## [WHAT YOU WILL DO]
Below are the records. Gather each line that holds "Hypothesis".

## [Excerpts from a dataset]
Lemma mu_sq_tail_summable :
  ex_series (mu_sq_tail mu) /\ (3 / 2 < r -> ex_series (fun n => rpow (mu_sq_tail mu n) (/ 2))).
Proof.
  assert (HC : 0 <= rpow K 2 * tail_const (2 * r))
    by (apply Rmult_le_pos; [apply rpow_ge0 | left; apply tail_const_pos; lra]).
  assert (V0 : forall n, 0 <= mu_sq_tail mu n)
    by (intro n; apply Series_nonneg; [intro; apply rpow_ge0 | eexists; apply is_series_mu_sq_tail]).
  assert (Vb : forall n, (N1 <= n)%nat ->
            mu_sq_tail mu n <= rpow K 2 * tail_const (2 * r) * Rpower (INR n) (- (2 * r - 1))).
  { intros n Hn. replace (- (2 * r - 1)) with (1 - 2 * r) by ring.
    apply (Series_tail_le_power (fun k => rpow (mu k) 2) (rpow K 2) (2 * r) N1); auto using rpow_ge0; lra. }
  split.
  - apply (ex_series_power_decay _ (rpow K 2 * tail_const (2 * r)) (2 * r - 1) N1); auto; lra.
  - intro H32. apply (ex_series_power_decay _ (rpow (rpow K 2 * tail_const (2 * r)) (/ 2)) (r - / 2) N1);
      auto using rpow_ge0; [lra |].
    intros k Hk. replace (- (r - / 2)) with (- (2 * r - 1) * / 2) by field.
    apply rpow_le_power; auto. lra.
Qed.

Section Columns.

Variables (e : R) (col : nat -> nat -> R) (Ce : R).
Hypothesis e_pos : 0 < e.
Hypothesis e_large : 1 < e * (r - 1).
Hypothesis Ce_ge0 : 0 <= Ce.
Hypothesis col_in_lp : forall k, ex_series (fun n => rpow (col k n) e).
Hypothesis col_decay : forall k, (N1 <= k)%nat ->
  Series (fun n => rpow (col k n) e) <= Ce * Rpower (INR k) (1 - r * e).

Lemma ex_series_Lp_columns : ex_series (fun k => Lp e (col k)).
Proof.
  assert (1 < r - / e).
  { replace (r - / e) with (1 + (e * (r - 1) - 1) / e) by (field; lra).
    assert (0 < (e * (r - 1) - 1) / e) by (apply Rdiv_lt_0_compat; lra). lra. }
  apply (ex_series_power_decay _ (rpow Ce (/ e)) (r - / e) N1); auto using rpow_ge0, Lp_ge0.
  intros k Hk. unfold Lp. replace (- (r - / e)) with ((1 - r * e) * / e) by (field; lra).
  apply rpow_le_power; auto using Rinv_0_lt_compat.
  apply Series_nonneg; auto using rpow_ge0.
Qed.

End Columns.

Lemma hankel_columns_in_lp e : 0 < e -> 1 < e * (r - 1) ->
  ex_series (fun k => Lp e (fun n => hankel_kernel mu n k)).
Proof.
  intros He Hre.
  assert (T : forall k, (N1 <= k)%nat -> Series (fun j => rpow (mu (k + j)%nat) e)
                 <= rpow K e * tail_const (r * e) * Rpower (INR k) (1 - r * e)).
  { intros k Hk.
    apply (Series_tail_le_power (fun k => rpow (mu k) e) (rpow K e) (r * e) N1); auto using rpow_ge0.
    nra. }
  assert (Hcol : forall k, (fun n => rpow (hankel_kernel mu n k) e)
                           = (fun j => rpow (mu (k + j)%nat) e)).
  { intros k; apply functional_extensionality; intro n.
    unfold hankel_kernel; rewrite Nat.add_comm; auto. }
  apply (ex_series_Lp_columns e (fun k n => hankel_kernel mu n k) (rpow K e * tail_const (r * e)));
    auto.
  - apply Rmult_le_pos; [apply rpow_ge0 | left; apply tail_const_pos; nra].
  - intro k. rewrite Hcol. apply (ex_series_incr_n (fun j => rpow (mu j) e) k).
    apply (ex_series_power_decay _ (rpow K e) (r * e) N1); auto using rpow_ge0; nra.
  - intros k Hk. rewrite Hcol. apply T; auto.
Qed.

## [RESPONSE BELOW]
Hypothesis e_pos : 0 < e.
Hypothesis e_large : 1 < e * (r - 1).
Hypothesis Ce_ge0 : 0 <= Ce.
Hypothesis col_in_lp : forall k, ex_series (fun n => rpow (col k n) e).
Hypothesis col_decay : forall k, (N1 <= k)%nat ->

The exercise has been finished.